Installation often fails because certain packages cannot be found. We narrowed the issue down to the noarch repodata.json being empty. Navigating to /get/conda-forge/noarch/repodata.json yields:

{
  "info": {
    "subdir": "noarch"
  },
  "packages": {},
  "packages.conda": {},
  "repodata_version": 1
}

This problem only occurs for the noarch platform. Also, in our package backend (GCS) we have a cached version of the repodata.json, which is not empty (it's 55MB large).

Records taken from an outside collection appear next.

(* Let $(\mathcal{V},g)$ be a finite-dimensional real scalar product space, let $J_1,\dots,J_m$ be skew-adjoint endomorphisms of $\mathcal{V}$ with $J_iJ_j+J_jJ_i=2c_i\delta_{ij}\,\mathrm{id}$ for $1\le i,j\le m$, where $c_i\in\{-1,1\}$, and let $\mu_0,\dots,\mu_m\in\mathbb{R}$. If $(3c_i\mu_i+\mu_0)\mu_i>0$ for all $1\le i\le m$, or $(3c_i\mu_i+\mu_0)\mu_i<0$ for all $1\le i\le m$, then the (semi-Clifford) algebraic curvature tensor $R=\mu_0R^0+\sum_{i=1}^m\mu_iR^{J_i}$ is totally Jacobi-dual.
   Context: A scalar product space is a finite-dimensional real vector space with a nondegenerate symmetric bilinear form $g$; $\varepsilon_X=g(X,X)$. $R^0(X,Y,Z,W)=g(Y,Z)g(X,W)-g(X,Z)g(Y,W)$; for skew-adjoint $J$, $R^J(X,Y,Z,W)=g(JX,Z)g(JY,W)-g(JY,Z)g(JX,W)+2g(JX,Y)g(JZ,W)$. The Jacobi operator is $\mathcal{J}_X(Y)=\sum_{i}\varepsilon_{E_i}R(Y,X,X,E_i)E_i$ for an orthonormal basis $(E_i)$. An eigenvector of $\mathcal{J}_X$ is a nonzero $Y$ with $\mathcal{J}_X(Y)=\lambda Y$, $\lambda\in\mathbb{R}$. $R$ is totally Jacobi-dual if for all $X,Y\in\mathcal{V}$ with $X\neq0$: whenever $Y$ is an eigenvector of $\mathcal{J}_X$, then $X$ is an eigenvector of $\mathcal{J}_Y$. *)

(* The scalar product space (V,g) is modelled as the row
   vectors 'rV[R]_n over a realType R, with g(x,y) = x G y^T for a symmetric
   invertible matrix G. Endomorphisms are matrices acting on the right:
   J(X) := X *m J, so (J1 o J2)(X) = X *m J2 *m J1. *)
From HB Require Import structures.
From mathcomp Require Import all_boot all_order all_algebra.
From mathcomp Require Import reals.
Set Implicit Arguments. Unset Strict Implicit. Unset Printing Implicit Defensive.
Import Order.TTheory GRing.Theory Num.Theory.
Local Open Scope ring_scope.

Section Defs.
Variables (R : realType) (n : nat).
Implicit Types (G J : 'M[R]_n) (X Y Z W : 'rV[R]_n).

Definition form G X Y : R := (X *m G *m Y^T) 0 0.

Definition scalar_product G : Prop := G^T = G /\ G \in unitmx.

Definition act J X : 'rV[R]_n := X *m J.

Definition skew_adjoint G J : Prop :=
  forall X Y, form G (act J X) Y = - form G X (act J Y).

Definition R0 G X Y Z W : R :=
  form G Y Z * form G X W - form G X Z * form G Y W.

Definition RJ G J X Y Z W : R :=
  form G (act J X) Z * form G (act J Y) W
  - form G (act J Y) Z * form G (act J X) W
  + 2 * form G (act J X) Y * form G (act J Z) W.

(* Jacobi operator J_X(Y): the vector with g(J_X Y, W) = R(Y,X,X,W) for all W
   (index raising with g^{-1}; equals sum_i eps_i R(Y,X,X,E_i) E_i for any
   orthonormal basis E). *)
Definition jacobi G (Rt : 'rV[R]_n -> 'rV[R]_n -> 'rV[R]_n -> 'rV[R]_n -> R)
  X Y : 'rV[R]_n :=
  (\row_j Rt Y X X (delta_mx 0 j)) *m invmx G.

Definition eigenvector (A : 'rV[R]_n -> 'rV[R]_n) Y : Prop :=
  Y != 0 /\ exists lambda : R, A Y = lambda *: Y.

Definition totally_jacobi_dual G
  (Rt : 'rV[R]_n -> 'rV[R]_n -> 'rV[R]_n -> 'rV[R]_n -> R) : Prop :=
  forall X Y, X != 0 -> eigenvector (jacobi G Rt X) Y ->
    eigenvector (jacobi G Rt Y) X.

End Defs.

(* Write J_X Y = mu0 (g(X,X) Y - g(X,Y) X) - 3 Z X with
   Z = sum_i mu_i g(Y, J_i X) J_i. Swapping X and Y negates Z, so
   J_Y X = mu0 (g(Y,Y) X - g(X,Y) Y) + 3 Z Y, and the Clifford relations give
   Z^2 = sigma id with sigma = sum_i c_i (mu_i g(Y, J_i X))^2.
   Applying Z to J_X Y = lambda Y expresses Z Y through X and Y whenever
   lambda <> mu0 g(X,X), and then X is an eigenvector of J_Y.
   If lambda = mu0 g(X,X), then Z X = -(mu0 g(X,Y)/3) X; comparing Z^2 X = sigma X
   with g(Z X, Y) = sum_i mu_i g(Y, J_i X)^2 yields
   sum_i (3 c_i mu_i + mu0) mu_i g(Y, J_i X)^2 = 0, so the sign hypothesis forces
   Z = 0 and mu0 g(X,Y) = 0, and J_Y X = mu0 g(Y,Y) X. *)

From Pilot Require Import Defs.
From mathcomp Require Import all_boot all_order all_algebra.
From mathcomp Require Import reals.
From mathcomp Require Import ring lra.
Set Implicit Arguments. Unset Strict Implicit. Unset Printing Implicit Defensive.
Import Order.TTheory GRing.Theory Num.Theory.
Local Open Scope ring_scope.

Section CliffordSquare.
Variables (F : numFieldType) (n m : nat) (J : 'I_m -> 'M[F]_n) (c : 'I_m -> F).
Hypothesis J_anticomm :
  forall i j, J j *m J i + J i *m J j = (2 * c i * (i == j)%:R)%:M.

Lemma clifford_sqr (x : 'I_m -> F) :
  (\sum_i x i *: J i) *m (\sum_i x i *: J i) = (\sum_i c i * x i ^+ 2)%:M.
Proof.
set S := _ *m _.
have eS : S = \sum_i \sum_j (x i * x j) *: (J i *m J j).
  rewrite /S mulmx_suml; apply: eq_bigr => i _.
  rewrite mulmx_sumr; apply: eq_bigr => j _.
  by rewrite -scalemxAl -scalemxAr scalerA.
have eS' : S = \sum_i \sum_j (x i * x j) *: (J j *m J i).
  rewrite eS exchange_big; apply: eq_bigr => i _; apply: eq_bigr => j _.
  by rewrite mulrC.
have S2 : S *+ 2 = (\sum_i 2 * c i * x i ^+ 2)%:M.
  rewrite mulr2n {1}eS eS' -big_split raddf_sum; apply: eq_bigr => i _ /=.
  rewrite -big_split (bigD1 i) //= big1 => [|j /negPf ij]; last first.
    by rewrite -scalerDr J_anticomm ij mulr0 raddf0 scaler0.
  by rewrite -scalerDr J_anticomm eqxx addr0 -scalemx1 scalerA scalemx1 mulr1 mulrC mulrA.
have two0 : (2 : F) != 0 by rewrite pnatr_eq0.
apply: (scalerI two0); rewrite -scalemx1 scalerA scalemx1 mulr_sumr scaler_nat S2.
by congr (_%:M); apply: eq_bigr => i _; rewrite !mulrA.
Qed.

End CliffordSquare.

Lemma sum_sign_definite_eq0 (F : realDomainType) (I : finType) (w a : I -> F) :
  (forall i, 0 < w i) \/ (forall i, w i < 0) ->
  \sum_i w i * a i ^+ 2 = 0 -> forall i, a i = 0.
Proof.
move=> w_sign; wlog w_pos : w w_sign / forall i, 0 < w i.
  move=> pos_case; case: (w_sign) => [|w_neg sum0]; first exact: pos_case.
  have w_pos i : 0 < - w i by rewrite oppr_gt0.
  apply: (pos_case (fun i => - w i)); [by left | by [] |].
  by under eq_bigr do rewrite mulNr; rewrite sumrN sum0 oppr0.
move=> sum0 i; have wa_ge0 j : true -> 0 <= w j * a j ^+ 2.
  by rewrite mulr_ge0 ?sqr_ge0 ?ltW.
have /eqP := psumr_eq0P wa_ge0 sum0 (i := i) isT.
by rewrite mulf_eq0 sqrf_eq0 gt_eqF ?w_pos //= => /eqP.
Qed.

Lemma sqr_eigenvalue (F : fieldType) n (X : 'rV[F]_n) (Z : 'M[F]_n) (a s : F) :
  X != 0 -> X *m Z = a *: X -> Z *m Z = s%:M -> s = a ^+ 2.
Proof.
move=> X0 XZ ZZ; have : X *m (Z *m Z) = s *: X by rewrite ZZ mul_mx_scalar.
rewrite mulmxA XZ -scalemxAl XZ scalerA -expr2 => /eqP.
by rewrite eq_sym -subr_eq0 -scalerBl scaler_eq0 (negPf X0) orbF subr_eq0 => /eqP.
Qed.

Lemma eigen_dual_generic (F : numFieldType) n (X Y : 'rV[F]_n) (Z : 'M[F]_n)
    (mu0 eps p q lam s : F) :
  Z *m Z = s%:M -> lam != mu0 * eps ->
  mu0 *: (eps *: Y - p *: X) - 3 *: (X *m Z) = lam *: Y ->
  mu0 *: (q *: X - p *: Y) + 3 *: (Y *m Z)
    = (mu0 * q + (mu0 ^+ 2 * p ^+ 2 - 9 * s) / (lam - mu0 * eps)) *: X.
Proof.
move=> ZZ; rewrite -subr_eq0 => k0 eigXY.
have eigXYZ : mu0 *: (eps *: (Y *m Z) - p *: (X *m Z)) - 3 *: (s *: X)
              = lam *: (Y *m Z).
  move/(congr1 (mulmx^~ Z)): eigXY.
  by rewrite /= mulmxBl -!scalemxAl mulmxBl -!scalemxAl -mulmxA ZZ mul_mx_scalar.
move: (X *m Z) (Y *m Z) eigXY eigXYZ => u v eigXY eigXYZ.
apply/rowP => j; move/rowP/(_ j): eigXY; move/rowP/(_ j): eigXYZ; rewrite !mxE.
move: (X 0 j) (Y 0 j) (u 0 j) (v 0 j) => x y uj vj ev eu.
have {}eu : uj = (mu0 * (eps * y - p * x) - lam * y) / 3 by rewrite -eu; field.
have {}ev : vj = (- (mu0 * p * uj) - 3 * s * x) / (lam - mu0 * eps).
  apply: (mulfI k0); rewrite [RHS]mulrC divfK // mulrBl -ev; ring.
by rewrite ev eu; field.
Qed.

Section Jacobi.
Variables (R : realType) (n : nat) (G : 'M[R]_n).
Local Notation g := (Defs.form G).
Implicit Types X Y W : 'rV[R]_n.

Lemma formDl X X' Y : g (X + X') Y = g X Y + g X' Y.
Proof. by rewrite /Defs.form !mulmxDl mxE. Qed.

Lemma formZl a X Y : g (a *: X) Y = a * g X Y.
Proof. by rewrite /Defs.form -!scalemxAl mxE. Qed.

Lemma formNl X Y : g (- X) Y = - g X Y.
Proof. by rewrite -scaleN1r formZl mulN1r. Qed.

Lemma form_suml (I : Type) (r : seq I) (P : pred I) (F : I -> 'rV[R]_n) Y :
  g (\sum_(i <- r | P i) F i) Y = \sum_(i <- r | P i) g (F i) Y.
Proof. by rewrite /Defs.form !mulmx_suml summxE. Qed.

Hypothesis G_sym : G^T = G.

Lemma form_sym X Y : g X Y = g Y X.
Proof.
rewrite /Defs.form.
have -> : (Y *m G *m X^T) 0 0 = ((Y *m G *m X^T)^T) 0 0 by rewrite [RHS]mxE.
by rewrite !trmx_mul trmxK G_sym mulmxA.
Qed.

Hypothesis G_unit : G \in unitmx.

Lemma jacobi_eq_form (Rt : 'rV[R]_n -> 'rV[R]_n -> 'rV[R]_n -> 'rV[R]_n -> R) X Y V :
  (forall W, Rt Y X X W = g V W) -> jacobi G Rt X Y = V.
Proof.
move=> RtV; rewrite /jacobi -[RHS](mulmxK G_unit); congr (_ *m _).
by apply/rowP => j; rewrite mxE RtV /Defs.form trmx_delta -colE mxE.
Qed.

Variables (m : nat) (J : 'I_m -> 'M[R]_n) (c : 'I_m -> R) (mu0 : R) (mu : 'I_m -> R).
Hypothesis J_skew : forall i, skew_adjoint G (J i).
Hypothesis J_anticomm :
  forall i j, J j *m J i + J i *m J j = (2 * c i * (i == j)%:R)%:M.

Definition Rmu X Y Z W : R :=
  mu0 * R0 G X Y Z W + \sum_(i < m) mu i * RJ G (J i) X Y Z W.

Definition Jcomb X Y : 'M[R]_n := \sum_i (mu i * g Y (X *m J i)) *: J i.

Lemma skew_formxx i X : g (X *m J i) X = 0.
Proof.
have := J_skew i X X; rewrite /act (form_sym X) => /eqP.
by rewrite -addr_eq0 -mulr2n mulrn_eq0 => /eqP.
Qed.

Lemma jacobiE X Y :
  jacobi G Rmu X Y = mu0 *: (g X X *: Y - g X Y *: X) - 3 *: (X *m Jcomb X Y).
Proof.
apply: jacobi_eq_form => W.
rewrite formDl formNl !formZl formDl formNl !formZl /Jcomb mulmx_sumr form_suml.
rewrite mulr_sumr -sumrN /Rmu; congr (_ + _); first by rewrite /R0 (form_sym X Y); ring.
apply: eq_bigr => i _.
rewrite -scalemxAr formZl /RJ /act skew_formxx J_skew; ring.
Qed.

Lemma Jcomb_antisym X Y : Jcomb Y X = - Jcomb X Y.
Proof.
rewrite /Jcomb -sumrN; apply: eq_bigr => i _.
by rewrite form_sym J_skew mulrN scaleNr.
Qed.

Lemma Jcomb_sqr X Y :
  Jcomb X Y *m Jcomb X Y = (\sum_i c i * (mu i * g Y (X *m J i)) ^+ 2)%:M.
Proof. exact: clifford_sqr. Qed.

Lemma form_Jcomb X Y :
  g (X *m Jcomb X Y) Y = \sum_i mu i * g Y (X *m J i) ^+ 2.
Proof.
rewrite /Jcomb mulmx_sumr form_suml; apply: eq_bigr => i _.
by rewrite -scalemxAr formZl (form_sym _ Y) expr2 mulrA.
Qed.

Hypothesis mu_sign : (forall i, 0 < (3 * c i * mu i + mu0) * mu i) \/
                     (forall i, (3 * c i * mu i + mu0) * mu i < 0).

Lemma jacobi_dual_degenerate X Y :
  X != 0 -> jacobi G Rmu X Y = (mu0 * g X X) *: Y ->
  Jcomb X Y = 0 /\ mu0 * g X Y = 0.
Proof.
move=> X0; rewrite jacobiE; set p := g X Y => eigXY.
have XZ : X *m Jcomb X Y = (- (mu0 * p / 3)) *: X.
  apply/rowP => j; move/rowP/(_ j): eigXY; rewrite !mxE => e; lra.
have sig := sqr_eigenvalue X0 XZ (Jcomb_sqr X Y).
have s1 := form_Jcomb X Y; rewrite XZ formZl -/p in s1.
have a0 : forall i, g Y (X *m J i) = 0.
  apply: (sum_sign_definite_eq0 mu_sign).
  have -> : \sum_i (3 * c i * mu i + mu0) * mu i * g Y (X *m J i) ^+ 2 =
      3 * (\sum_i c i * (mu i * g Y (X *m J i)) ^+ 2)
      + mu0 * (\sum_i mu i * g Y (X *m J i) ^+ 2).
    by rewrite !mulr_sumr -big_split /=; apply: eq_bigr => i _; ring.
  by rewrite sig -s1; field.
have Z0 : Jcomb X Y = 0 by rewrite /Jcomb big1 // => i _; rewrite a0 mulr0 scale0r.
split=> //; move: XZ; rewrite Z0 mulmx0 => /esym/eqP.
by rewrite scaler_eq0 (negPf X0) orbF oppr_eq0 mulf_eq0 invr_eq0 pnatr_eq0 orbF => /eqP.
Qed.

Lemma Rmu_totally_jacobi_dual : totally_jacobi_dual G Rmu.
Proof.
move=> X Y X0 [Y0 [lam eigXY]]; split=> //.
rewrite jacobiE Jcomb_antisym mulmxN scalerN opprK (form_sym Y X).
have [lamE|lam_ne] := eqVneq lam (mu0 * g X X).
  rewrite lamE in eigXY; have [-> p0] := jacobi_dual_degenerate X0 eigXY.
  exists (mu0 * g Y Y).
  by rewrite mulmx0 scaler0 addr0 scalerBr !scalerA p0 scale0r subr0.
rewrite jacobiE in eigXY.
by eexists; exact: eigen_dual_generic (Jcomb_sqr X Y) lam_ne eigXY.
Qed.

End Jacobi.

Theorem mainTheorem6 (R : realType) (n m : nat) (G : 'M[R]_n)
  (J : 'I_m -> 'M[R]_n) (c : 'I_m -> R) (mu0 : R) (mu : 'I_m -> R) :
  scalar_product G ->
  (forall i, skew_adjoint G (J i)) ->
  (forall i, c i = 1 \/ c i = -1) ->
  (forall i j, J j *m J i + J i *m J j = (2 * c i * (i == j)%:R)%:M) ->
  ((forall i, 0 < (3 * c i * mu i + mu0) * mu i) \/
   (forall i, (3 * c i * mu i + mu0) * mu i < 0)) ->
  totally_jacobi_dual G
    (fun X Y Z W => mu0 * R0 G X Y Z W + \sum_(i < m) mu i * RJ G (J i) X Y Z W).
Proof.
move=> [G_sym G_unit] J_skew _ J_anticomm mu_sign.
exact: (Rmu_totally_jacobi_dual G_sym G_unit J_skew J_anticomm mu_sign).
Qed.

Any idea what might be causing this?

The text was updated successfully, but these errors were encountered:

wolfv · 2022-05-10T12:10:04Z

hmmm, this is the code in question:

quetz/quetz/main.py

Lines 1645 to 1654 in 05dbfc6

    
           if channel.mirror_channel_url and channel.mirror_mode == "proxy": 
        
               repository = RemoteRepository(channel.mirror_channel_url, session) 
        
               if not pkgstore.file_exists(channel.name, path): 
        
                   download_remote_file(repository, pkgstore, channel.name, path) 
        
               elif path.endswith(".json"): 
        
                   # repodata.json and current_repodata.json are cached locally 
        
                   # for channel.ttl seconds 
        
                   _, fmtime, _ = pkgstore.get_filemetadata(channel.name, path) 
        
                   if time.time() - fmtime >= channel.ttl: 
        
                       download_remote_file(repository, pkgstore, channel.name, path)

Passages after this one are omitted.